▸ PROBLEM STATEMENT: Whenever the string "replace" appears in a line below, please copy the line out.

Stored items

(* Let $p\in\mathbb C[z,w]$ be a polynomial with $Z(p)\cap Z(z)\cap\partial\mathbb D^2=\emptyset$, and let $\mathcal M=[p,f_1,\dots,f_n]$ be the submodule of $H^2(\mathbb D^2)$ generated by $p$ and some $f_1,\dots,f_n\in H^2(\mathbb D^2)$. Set $Q=\mathcal M\ominus[p]$ and $T_{z,Q}=P_QM_z|_Q$. Then $\ker T_{z,Q}^*$ is finite dimensional.
   Context: $H^2(\mathbb D^2)$ is the Hardy space of the bidisc, a Hilbert module over $\mathbb C[z,w]$ via multiplication. A submodule is a closed subspace invariant under multiplication by polynomials; $[g_1,\dots,g_m]$ denotes the smallest submodule containing $g_1,\dots,g_m$. $Z(p)$ is the zero set of $p$ in $\mathbb C^2$ and $Z(z)=\{(z,w)\in\mathbb C^2:z=0\}$. *)

From Stdlib Require Import Reals.
From Coquelicot Require Import Coquelicot.
Open Scope R_scope.

(** Elements of H^2(D^2) are identified with their Taylor coefficient arrays
    f : nat -> nat -> C  (f i j = coefficient of z^i w^j), square summable. *)
Definition coefs := nat -> nat -> C.

Fixpoint csum (u : nat -> C) (N : nat) : C :=
  match N with O => RtoC 0 | S N' => Cplus (csum u N') (u N') end.

Fixpoint rsum (u : nat -> R) (N : nat) : R :=
  match N with O => 0 | S N' => rsum u N' + u N' end.

Definition psum2 (f : coefs) (N : nat) : R :=
  rsum (fun i => rsum (fun j => (Cmod (f i j))^2) N) N.

Definition in_H2 (f : coefs) : Prop := exists M : R, forall N, psum2 f N <= M.

Definition csub (f g : coefs) : coefs := fun i j => Cminus (f i j) (g i j).

Definition pinner (f g : coefs) (N : nat) : C :=
  csum (fun i => csum (fun j => Cmult (f i j) (Cconj (g i j))) N) N.

Definition orth (f g : coefs) : Prop :=
  is_lim_seq (fun N => Re (pinner f g N)) 0 /\
  is_lim_seq (fun N => Im (pinner f g N)) 0.

Record poly2 := Poly2 {
  pcoef : nat -> nat -> C;
  pdeg : nat;
  pcoef_supp : forall i j, (pdeg < i)%nat \/ (pdeg < j)%nat -> pcoef i j = RtoC 0
}.

Fixpoint cpow (a : C) (n : nat) : C :=
  match n with O => RtoC 1 | S n' => Cmult a (cpow a n') end.

Definition peval (p : poly2) (a b : C) : C :=
  csum (fun i => csum (fun j =>
      Cmult (pcoef p i j) (Cmult (cpow a i) (cpow b j))) (S (pdeg p))) (S (pdeg p)).

(** multiplication of an H^2 function by a polynomial (Cauchy product of coefficients) *)
Definition mulp (q : poly2) (g : coefs) : coefs := fun i j =>
  csum (fun k => csum (fun l => Cmult (pcoef q k l) (g (i - k)%nat (j - l)%nat)) (S j)) (S i).

Definition mulz (g : coefs) : coefs := fun i j =>
  match i with O => RtoC 0 | S i' => g i' j end.

Definition pcombo (m : nat) (qs : nat -> poly2) (gs : nat -> coefs) : coefs :=
  fun i j => csum (fun k => mulp (qs k) (gs k) i j) m.

(** [g_0, ..., g_{m-1}] : the smallest submodule (closed, C[z,w]-invariant) containing
    the g_k, i.e. the H^2-norm closure of { sum_k q_k g_k : q_k in C[z,w] }. *)
Definition in_gen (m : nat) (gs : nat -> coefs) (f : coefs) : Prop :=
  in_H2 f /\
  forall eps : R, 0 < eps ->
    exists qs : nat -> poly2, forall N, psum2 (csub f (pcombo m qs gs)) N <= eps.

Definition in_bdry_bidisc (a b : C) : Prop :=
  Cmod a <= 1 /\ Cmod b <= 1 /\ (Cmod a = 1 \/ Cmod b = 1).

Definition lincomb (d : nat) (cs : nat -> C) (vs : nat -> coefs) : coefs :=
  fun i j => csum (fun k => Cmult (cs k) (vs k i j)) d.

(* Let x lie in ker T_{z,Q}^*. Writing y in M as (y - P_[p] y) + P_[p] y shows that x is
   orthogonal to z M, and x is orthogonal to [p] by definition of Q. Hence, for each k, the
   sequence a_j = <w^j f_k, x> satisfies the linear recurrence obtained from <p w^m f_k, x> = 0,
   in which only the coefficients of p(0, w) survive; p(0, w) is not identically zero since
   (0, 1) lies on the boundary of the bidisc, so p(0, 1) <> 0. The sequence a_j is thus
   determined by a_0, ..., a_{deg p}, and if these vanish for every k, then x is orthogonal to
   all z^a w^b f_k and to [p], hence to a dense subset of M, so x = 0. The n (deg p + 1)
   functionals x |-> <x, w^j f_k> therefore separate the points of the kernel, which is
   finite dimensional. *)

From Stdlib Require Import Reals Lra Lia Classical ClassicalEpsilon FunctionalExtensionality.
From Coquelicot Require Import Coquelicot.
Open Scope R_scope.

Ltac cexpand := repeat match goal with z : C |- _ => destruct z end;
  unfold Cplus, Cmult, Cminus, Copp, Cconj, RtoC, Re, Im in *; simpl in *.
Ltac cring := cexpand; apply injective_projections; simpl; ring.
Ltac cfield := cexpand; apply injective_projections; simpl; field.

Lemma Cmod2_nonneg z : 0 <= Cmod z ^ 2.
Proof. rewrite Cmod2_alt. nra. Qed.

Lemma Cmod2_0 : Cmod (RtoC 0) ^ 2 = 0.
Proof. rewrite Cmod2_alt; simpl; ring. Qed.

Lemma Cmod2_mult a b : Cmod (Cmult a b) ^ 2 = Cmod a ^ 2 * Cmod b ^ 2.
Proof. rewrite !Cmod2_alt. destruct a, b; simpl. ring. Qed.

Lemma Cmod2_eq0 z : Cmod z ^ 2 <= 0 -> z = RtoC 0.
Proof. rewrite Cmod2_alt. destruct z as [a b]; simpl; intros H.
  assert (a = 0) by nra. assert (b = 0) by nra. subst. reflexivity. Qed.

Lemma Cmult_eq0_l a b : a <> RtoC 0 -> Cmult a b = RtoC 0 -> b = RtoC 0.
Proof. intros Ha H. replace b with (Cmult (Cinv a) (Cmult a b)).
  - rewrite H. cring.
  - rewrite Cmult_assoc, Cinv_l; auto. cring. Qed.

(** * Finite sums *)

Section FiniteSums.
Implicit Types (u v : nat -> R) (U : nat -> nat -> R).

Lemma rsum_ext u v N : (forall k, (k < N)%nat -> u k = v k) -> rsum u N = rsum v N.
Proof. induction N; simpl; intros H; auto. rewrite IHN, H; auto. Qed.

Lemma rsum_plus u v N : rsum (fun k => u k + v k) N = rsum u N + rsum v N.
Proof. induction N; simpl; [lra|]. rewrite IHN; lra. Qed.

Lemma rsum_scal a u N : rsum (fun k => a * u k) N = a * rsum u N.
Proof. induction N; simpl; [lra|]. rewrite IHN; lra. Qed.

Lemma rsum_const a N : rsum (fun _ => a) N = INR N * a.
Proof. induction N; simpl rsum; [simpl; lra|]. rewrite IHN, S_INR. lra. Qed.

Lemma rsum_eq0 u N : (forall k, (k < N)%nat -> u k = 0) -> rsum u N = 0.
Proof. intros H. rewrite (rsum_ext u (fun _ => 0) N H), rsum_const. lra. Qed.

Lemma rsum_le u v N : (forall k, (k < N)%nat -> u k <= v k) -> rsum u N <= rsum v N.
Proof. induction N; simpl; intros H; [lra|].
  assert (rsum u N <= rsum v N) by (apply IHN; intros; apply H; lia).
  pose proof (H N ltac:(lia)). lra. Qed.

Lemma rsum_nonneg u N : (forall k, 0 <= u k) -> 0 <= rsum u N.
Proof. intros H. apply Rle_trans with (rsum (fun _ => 0) N).
  - rewrite rsum_const; lra.
  - apply rsum_le; auto. Qed.

Lemma rsum_le_mono u N N' : (N <= N')%nat -> (forall k, 0 <= u k) -> rsum u N <= rsum u N'.
Proof. intros Hle H. induction Hle; simpl; [lra|]. pose proof (H m); lra. Qed.

Lemma rsum_extend u N N' : (N <= N')%nat -> (forall k, (N <= k < N')%nat -> u k = 0) ->
  rsum u N' = rsum u N.
Proof. intros Hle. induction Hle; intros H; auto. simpl. rewrite IHHle, H; [lra|lia|].
  intros; apply H; lia. Qed.

Lemma rsum_term_le u N k : (forall k, 0 <= u k) -> (k < N)%nat -> u k <= rsum u N.
Proof. intros H Hk. induction N; [lia|]. simpl. destruct (Nat.eq_dec k N).
  - subst. pose proof (rsum_nonneg u N H). lra.
  - pose proof (H N). assert (u k <= rsum u N) by (apply IHN; lia). lra. Qed.

Lemma rsum_shift a u N :
  rsum (fun i => if (a <=? i)%nat then u (i - a)%nat else 0) N = rsum u (N - a).
Proof. induction N; [reflexivity|]. destruct (Nat.leb_spec a N) as [H|H].
  - replace (S N - a)%nat with (S (N - a)) by lia. simpl rsum. rewrite IHN.
    rewrite (proj2 (Nat.leb_le a N) H). reflexivity.
  - replace (S N - a)%nat with 0%nat by lia. simpl rsum. rewrite IHN.
    replace (N - a)%nat with 0%nat by lia. rewrite (proj2 (Nat.leb_gt a N) H). simpl; lra. Qed.

Lemma rsum_swap U N K :
  rsum (fun i => rsum (fun k => U i k) K) N = rsum (fun k => rsum (fun i => U i k) N) K.
Proof. induction N; simpl. - rewrite rsum_eq0; auto. - rewrite IHN, <- rsum_plus. auto. Qed.

Lemma is_lim_seq_rsum (W : nat -> nat -> R) u N :
  (forall k, is_lim_seq (fun m => W m k) (u k)) -> is_lim_seq (fun m => rsum (W m) N) (rsum u N).
Proof. intros H. induction N; simpl. - apply is_lim_seq_const. - apply is_lim_seq_plus'; auto. Qed.

End FiniteSums.

Section ComplexSums.
Implicit Types (u v : nat -> C).

Lemma csum_ext u v N : (forall k, (k < N)%nat -> u k = v k) -> csum u N = csum v N.
Proof. induction N; simpl; intros H; auto. rewrite IHN, H; auto. Qed.

Lemma csum_plus u v N : csum (fun k => Cplus (u k) (v k)) N = Cplus (csum u N) (csum v N).
Proof. induction N; simpl. - cring. - rewrite IHN. cring. Qed.

Lemma csum_scal a u N : csum (fun k => Cmult a (u k)) N = Cmult a (csum u N).
Proof. induction N; simpl. - cring. - rewrite IHN. cring. Qed.

Lemma csum_minus u v N : csum (fun k => Cminus (u k) (v k)) N = Cminus (csum u N) (csum v N).
Proof. induction N; simpl. - cring. - rewrite IHN. cring. Qed.

Lemma csum_eq0 u N : (forall k, (k < N)%nat -> u k = RtoC 0) -> csum u N = RtoC 0.
Proof. induction N; simpl; intros H; auto. rewrite IHN, H; auto. cring. Qed.

Lemma Re_csum u N : Re (csum u N) = rsum (fun k => Re (u k)) N.
Proof. induction N; simpl; auto. rewrite <- IHN. reflexivity. Qed.

Lemma Im_csum u N : Im (csum u N) = rsum (fun k => Im (u k)) N.
Proof. induction N; simpl; auto. rewrite <- IHN. reflexivity. Qed.

Lemma Cconj_csum u N : Cconj (csum u N) = csum (fun k => Cconj (u k)) N.
Proof. induction N; simpl. - cring. - rewrite <- IHN. cring. Qed.

Lemma csum_extend u N N' : (N <= N')%nat -> (forall k, (N <= k < N')%nat -> u k = RtoC 0) ->
  csum u N' = csum u N.
Proof. intros Hle. induction Hle; intros H; auto. simpl. rewrite IHHle, H; [cring|lia|].
  intros; apply H; lia. Qed.

Lemma csum_first u N : csum u (S N) = Cplus (u 0%nat) (csum (fun k => u (S k)) N).
Proof. induction N.
  - simpl. cring.
  - change (csum u (S (S N))) with (Cplus (csum u (S N)) (u (S N))). rewrite IHN. simpl. cring. Qed.

Lemma csum_single u N a : (a < N)%nat -> (forall k, (k < N)%nat -> k <> a -> u k = RtoC 0) ->
  csum u N = u a.
Proof. induction N; intros Ha H; [lia|]. simpl. destruct (Nat.eq_dec a N).
  - subst. rewrite csum_eq0. + cring. + intros; apply H; lia.
  - rewrite IHN by (auto; lia). rewrite (H N) by lia. cring. Qed.

Lemma csum_rev u N : csum u N = csum (fun k => u (N - 1 - k)%nat) N.
Proof. induction N; auto. rewrite (csum_first (fun k => u (S N - 1 - k)%nat)).
  change (csum u (S N)) with (Cplus (csum u N) (u N)). rewrite IHN. replace (S N - 1 - 0)%nat with N by lia.
  rewrite (csum_ext (fun k => u (S N - 1 - S k)%nat) (fun k => u (N - 1 - k)%nat)).
  - cring. - intros; f_equal; lia. Qed.

Lemma Cmod2_csum_le u K : Cmod (csum u K) ^ 2 <= INR K * rsum (fun k => Cmod (u k) ^ 2) K.
Proof. induction K.
  - rewrite Cmod2_alt. simpl. lra.
  - change (csum u (S K)) with (Cplus (csum u K) (u K)).
    change (rsum (fun k => Cmod (u k) ^ 2) (S K)) with (rsum (fun k => Cmod (u k) ^ 2) K + Cmod (u K) ^ 2).
    rewrite S_INR. set (A := csum u K) in *. set (S := rsum (fun k => Cmod (u k) ^ 2) K) in *.
    assert (0 <= S) by (apply rsum_nonneg; intros; apply Cmod2_nonneg).
    pose proof (pos_INR K). set (k := INR K) in *.
    rewrite !Cmod2_alt in *. destruct A as [a1 a2], (u K) as [b1 b2]; unfold Cplus, Re, Im in *; cbn [fst snd] in *.
    (* Cauchy-Schwarz step: [k |A + b|^2 <= (k+1) |A|^2 + k (k+1) |b|^2] *)
    assert (k * ((a1+b1)^2 + (a2+b2)^2) <= (k+1) * (a1^2+a2^2) + k*(k+1)*(b1^2+b2^2)).
    { pose proof (pow2_ge_0 (a1 - k*b1)); pose proof (pow2_ge_0 (a2 - k*b2)). nra. }
    destruct (Req_dec k 0) as [E|E].
    + rewrite E in *. assert (a1 = 0) by nra. assert (a2 = 0) by nra. subst a1 a2. nra.
    + apply Rmult_le_reg_l with k; [lra|].
      assert ((k+1) * (a1^2+a2^2) <= (k+1) * (k * S)) by (apply Rmult_le_compat_l; lra). nra. Qed.

End ComplexSums.

(** * Square-summable coefficient arrays *)

Definition cadd (f g : coefs) : coefs := fun i j => Cplus (f i j) (g i j).
Definition cscal (c : C) (f : coefs) : coefs := fun i j => Cmult c (f i j).
Definition czero : coefs := fun _ _ => RtoC 0.
Definition fsum (K : nat) (F : nat -> coefs) : coefs := fun i j => csum (fun k => F k i j) K.

(** [sh a b g] is [z^a w^b g]. *)
Definition sh (a b : nat) (g : coefs) : coefs := fun i j =>
  if (a <=? i)%nat then (if (b <=? j)%nat then g (i - a)%nat (j - b)%nat else RtoC 0) else RtoC 0.

Definition rsum2 (U : nat -> nat -> R) N := rsum (fun i => rsum (fun j => U i j) N) N.

Lemma coefs_ext (f g : coefs) : (forall i j, f i j = g i j) -> f = g.
Proof. intros H. apply functional_extensionality; intros i;
  apply functional_extensionality; intros j; auto. Qed.

Section DoubleSums.
Implicit Types (U V : nat -> nat -> R).

Lemma rsum2_ext U V N : (forall i j, U i j = V i j) -> rsum2 U N = rsum2 V N.
Proof. intros H; apply rsum_ext; intros; apply rsum_ext; intros; auto. Qed.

▸ ANSWER FOR THE TASK:
Proof. intros Ha H. replace b with (Cmult (Cinv a) (Cmult a b)).
  - replace (S N - a)%nat with (S (N - a)) by lia. simpl rsum. rewrite IHN.
  - replace (S N - a)%nat with 0%nat by lia. simpl rsum. rewrite IHN.
    replace (N - a)%nat with 0%nat by lia. rewrite (proj2 (Nat.leb_gt a N) H). simpl; lra. Qed.
  change (csum u (S N)) with (Cplus (csum u N) (u N)). rewrite IHN. replace (S N - 1 - 0)%nat with N by lia.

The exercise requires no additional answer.